**Exercise instructions:** Set down, character for character, everything in the records below from the line holding "have q1_dvd : q 1 %| p." down to the line holding "have coprime_q a", and no other line.

**Records for the exercise:**
Lemma invariant_poly_eq0 (K : fieldType) (k : nat) (p : {poly K}) :
  2%:R != 0 :> K -> p \Po (1 - 'X) = p -> p \Po (- 'X) = p ->
  'X^k %| p -> (size p <= 3 * k)%N -> p = 0.
Proof.
move=> two_neq0 p_1X p_NX Xk_dvd size_p.
pose q a : {poly K} := ('X - a%:P) ^+ k.
have q0_dvd : q 0 %| p by rewrite /q subr0.
have q1_dvd : q 1 %| p.
  have := dvdp_comp_poly (1 - 'X) Xk_dvd; rewrite p_1X comp_Xn_poly.
  by apply: dvdp_trans; apply: dvdp_exp2r; rewrite polyC1 -[1 - 'X]opprB dvdpNr.
have qN1_dvd : q (-1) %| p.
  have := dvdp_comp_poly (- 'X) q1_dvd; rewrite p_NX /q rmorphXn /=.
  rewrite comp_polyB comp_polyX comp_polyC; apply: dvdp_trans; apply: dvdp_exp2r.
  by rewrite polyCN opprK -opprD dvdpNr.
have coprime_q a b : b - a != 0 -> coprimep (q a) (q b).
  by move=> ab; apply/coprimep_expl/coprimep_expr/coprimep_XsubC2.
have q_dvd : q 0 * q 1 * q (-1) %| p.
  rewrite Gauss_dvdp ?Gauss_dvdp ?q0_dvd ?q1_dvd ?coprimepMl ?coprime_q //;
    by rewrite ?subr0 ?oppr_eq0 ?oner_eq0 // -opprD oppr_eq0.
have q_neq0 a : q a != 0 by rewrite -size_poly_eq0 size_exp_XsubC.
apply: contraTeq size_p => p_neq0; rewrite -ltnNge.
have := dvdp_leq p_neq0 q_dvd; rewrite !size_mul ?mulf_neq0 // !size_exp_XsubC.
by apply: leq_trans; lia.
Qed.

Local Notation red3 := (map_poly (intr : int -> 'F_3)).

Lemma size_red3 (p : {poly int}) : (size (red3 p) <= size p)%N.
Proof. by apply/leq_sizeP => j le_j; rewrite coef_map nth_default. Qed.

Lemma red3_mw_transform n (p : {poly int}) : (size p <= n.+1)%N ->
  red3 (mw_transform n p) = red3 p \Po (1 - 'X).
Proof.
move=> size_p; rewrite map_mw_transform mw_transform_pchar3 ?pchar_Fp //.
exact: leq_trans (size_red3 p) size_p.
Qed.

Lemma red3_mulrn3 (r : {poly int}) : red3 (r *+ 3) = 0.
Proof. by rewrite rmorphMn mulrn_pchar // pchar_poly pchar_Fp. Qed.

Lemma coef_dvd3_of_red3_invariant (k : nat) (p : {poly int}) :
  (forall j, (j < k)%N -> p`_j = 0) -> (forall j, odd j -> p`_j = 0) ->
  (size p <= 3 * k)%N -> red3 p \Po (1 - 'X) = red3 p -> forall j, (3 %| p`_j)%Z.
Proof.
move=> p_low p_odd size_p p_inv j.
rewrite (dvdz_pcharf (pchar_Fp _)) // -coef_map.
suff -> : red3 p = 0 by rewrite coef0.
apply: (invariant_poly_eq0 (k := k)) => //.
- by apply: comp_poly_oppX_even => i /p_odd; rewrite coef_map => ->.
- by apply: dvdp_Xn_coef0 => i /p_low; rewrite coef_map => ->.
- exact: leq_trans (size_red3 p) size_p.
Qed.

Lemma expr1D_mul (R : comNzRingType) (a y : R) (N : nat) :
  exists z, (1 + a * y) ^+ N = 1 + a * z.
Proof.
elim: N => [|N [z IH]]; first by exists 0; rewrite expr0 mulr0 addr0.
by exists (y + z + a * y * z); rewrite exprS IH; ring.
Qed.

Lemma red3_mw_invariant n (C : {poly int}) :
  ~~ odd n -> (size C <= n.+1)%N ->
  mw_transform n (1 + C) = 2 ^+ n *: (1 + C) -> red3 C \Po (1 - 'X) = red3 C.
Proof.
move=> even_n size_C C_mw.
have red3_2n : (2 ^+ n : int)%:~R = 1 :> 'F_3.
  rewrite rmorphXn /= (_ : 2%:~R = -1 :> 'F_3); last by apply/eqP.
  by rewrite -signr_odd (negbTE even_n).
have size_1C : (size (1 + C)%R <= n.+1)%N.
  by rewrite (leq_trans (size_polyD _ _)) // geq_max size_poly1.
have := congr1 red3 C_mw; rewrite red3_mw_transform // map_polyZ /= red3_2n scale1r.
by rewrite rmorphD rmorph1 comp_polyD comp_polyC => /addrI.
Qed.

Lemma red3_mw_invariant_div3 m (C : {poly int}) : (size C <= (6 * m).+1)%N ->
  mw_transform (6 * m) (1 + C *+ 3) = 2 ^+ (6 * m) *: (1 + C *+ 3) ->
  red3 C \Po (1 - 'X) = red3 C.
Proof.
move=> size_C C_mw.
have [e def_e] : exists e : int, 2 ^+ (6 * m) = 1 + 9%:R * e.
  by rewrite exprM (_ : 2 ^+ 6 = 1 + 9%:R * 7) //; apply: expr1D_mul.
have [Q def_Q] : exists Q, (1 + 'X *+ 3) ^+ (6 * m) = 1 + 9%:R * Q :> {poly int}.
  rewrite (_ : (6 * m = 3 * (2 * m))%N); last by rewrite mulnA.
  rewrite exprM.
  rewrite (_ : _ ^+ 3 = 1 + 9%:R * ('X + 3%:R * 'X ^+ 2 + 3%:R * 'X ^+ 3)); last by ring.
  exact: expr1D_mul.
have : (mw_transform (6 * m) C - C) *+ 3 = (e%:P * (1 + C *+ 3) - Q) *+ 3 *+ 3.
  move: C_mw; rewrite raddfD raddfMn /= mw_transform1 def_Q -mul_polyC def_e.
  rewrite rmorphD rmorphM /= rmorph1 rmorph_nat => /(canRL (addKr _)) T3.
  by rewrite mulrnBl T3; ring.
have three_neq0 : 3%:R != 0 :> {poly int} by rewrite -polyC_natr polyC_eq0.
rewrite -[LHS]mulr_natl -[RHS]mulr_natl => /(mulfI three_neq0) TC.
rewrite -(red3_mw_transform (n := (6 * m)%N)) //.
by apply/eqP; rewrite -subr_eq0 -rmorphB TC; apply/eqP/red3_mulrn3.
Qed.

Lemma coef_dvd9_of_mw_invariant (m : nat) (C : {poly int}) :
  (forall j, (j < 2 * m + 2)%N -> C`_j = 0) -> (forall j, odd j -> C`_j = 0) ->
  (size C <= (6 * m).+1)%N ->
  mw_transform (6 * m) (1 + C) = 2 ^+ (6 * m) *: (1 + C) ->
  forall j, (9 %| C`_j)%Z.
Proof.
move=> C_low C_odd size_C C_mw.
have size_C3 : (size C <= 3 * (2 * m + 2))%N by lia.
have C_div3 : forall j, (3 %| C`_j)%Z.
  apply: (coef_dvd3_of_red3_invariant C_low C_odd size_C3).
  by apply: (red3_mw_invariant _ size_C C_mw); rewrite oddM.
pose C' := \poly_(j < size C) (C`_j %/ 3)%Z.
have def_C : C = C' *+ 3.
  apply/polyP => j; rewrite coefMn coef_poly.
  case: ltnP => [_ | le_j]; last by rewrite nth_default.
  by rewrite -[_ *+ 3]mulr_natr natz divzK.
have C'_low j : (j < 2 * m + 2)%N -> C'`_j = 0.
  by move=> lt_j; rewrite coef_poly C_low // div0z if_same.
have C'_odd j : odd j -> C'`_j = 0.
  by move=> odd_j; rewrite coef_poly C_odd // div0z if_same.
have size_C' : (size C' <= size C)%N by exact: size_poly.
have C'_div3 : forall j, (3 %| C'`_j)%Z.
  apply: (coef_dvd3_of_red3_invariant C'_low C'_odd (leq_trans size_C' size_C3)).
  by apply: (red3_mw_invariant_div3 (leq_trans size_C' size_C)); rewrite -def_C.
move=> j; rewrite def_C coefMn -[C'`_j *+ 3]mulr_natr natz.
exact: dvdz_mul (C'_div3 j) (dvdzz 3).
Qed.

Local Close Scope ring_scope.

Theorem corollary3p6 (F : finFieldType) (m : nat) (D : {vspace 'rV[F]_(6 * m)}) :
  #|F| = 4 -> (0 < m)%N -> herm_self_dual D -> extremal D ->
  forall i : nat, (m + 1 <= i <= 3 * m)%N -> (9 %| wdist D (2 * i))%N.
Proof.
move=> F4 _ D_self_dual D_extremal i /andP[lt_m_i _].
pose C := (wenum D - 1)%R.
have coef_C j : (C`_j = (wdist D j)%:R - (j == 0)%:R)%R.
  by rewrite coefB coef_wenum coef1.
have two_i_neq0 : 2 * i != 0 by rewrite muln_eq0 -lt0n (leq_trans _ lt_m_i) ?addn1.
suff : (9 %| (C`_(2 * i))%R)%Z.
  by rewrite coef_C (negbTE two_i_neq0) subr0 (natz (wdist D (2 * i))).
apply: (coef_dvd9_of_mw_invariant (m := m) (C := C)) => [j lt_j | j odd_j | |].
- have [-> | j_neq0] := eqVneq j 0; first by rewrite coef_C wdist0 subrr.
  rewrite coef_C (negbTE j_neq0) (wdist_lt_min_weight D_extremal) ?subrr //.
  by rewrite lt0n j_neq0 mulKn.
- have j_neq0 : j != 0 by apply: contraTneq odd_j => ->.
  by rewrite coef_C wdist_odd // (negbTE j_neq0) subrr.
- by rewrite (leq_trans (size_polyD _ _)) // geq_max size_wenum size_polyN size_poly1.
- by rewrite /C addrC subrK mw_transform_wenum // card_self_dual // natrX.
Qed.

**Exercise solution:**
have q1_dvd : q 1 %| p.
  have := dvdp_comp_poly (1 - 'X) Xk_dvd; rewrite p_1X comp_Xn_poly.
  by apply: dvdp_trans; apply: dvdp_exp2r; rewrite polyC1 -[1 - 'X]opprB dvdpNr.
have qN1_dvd : q (-1) %| p.
  have := dvdp_comp_poly (- 'X) q1_dvd; rewrite p_NX /q rmorphXn /=.
  rewrite comp_polyB comp_polyX comp_polyC; apply: dvdp_trans; apply: dvdp_exp2r.
  by rewrite polyCN opprK -opprD dvdpNr.
have coprime_q a b : b - a != 0 -> coprimep (q a) (q b).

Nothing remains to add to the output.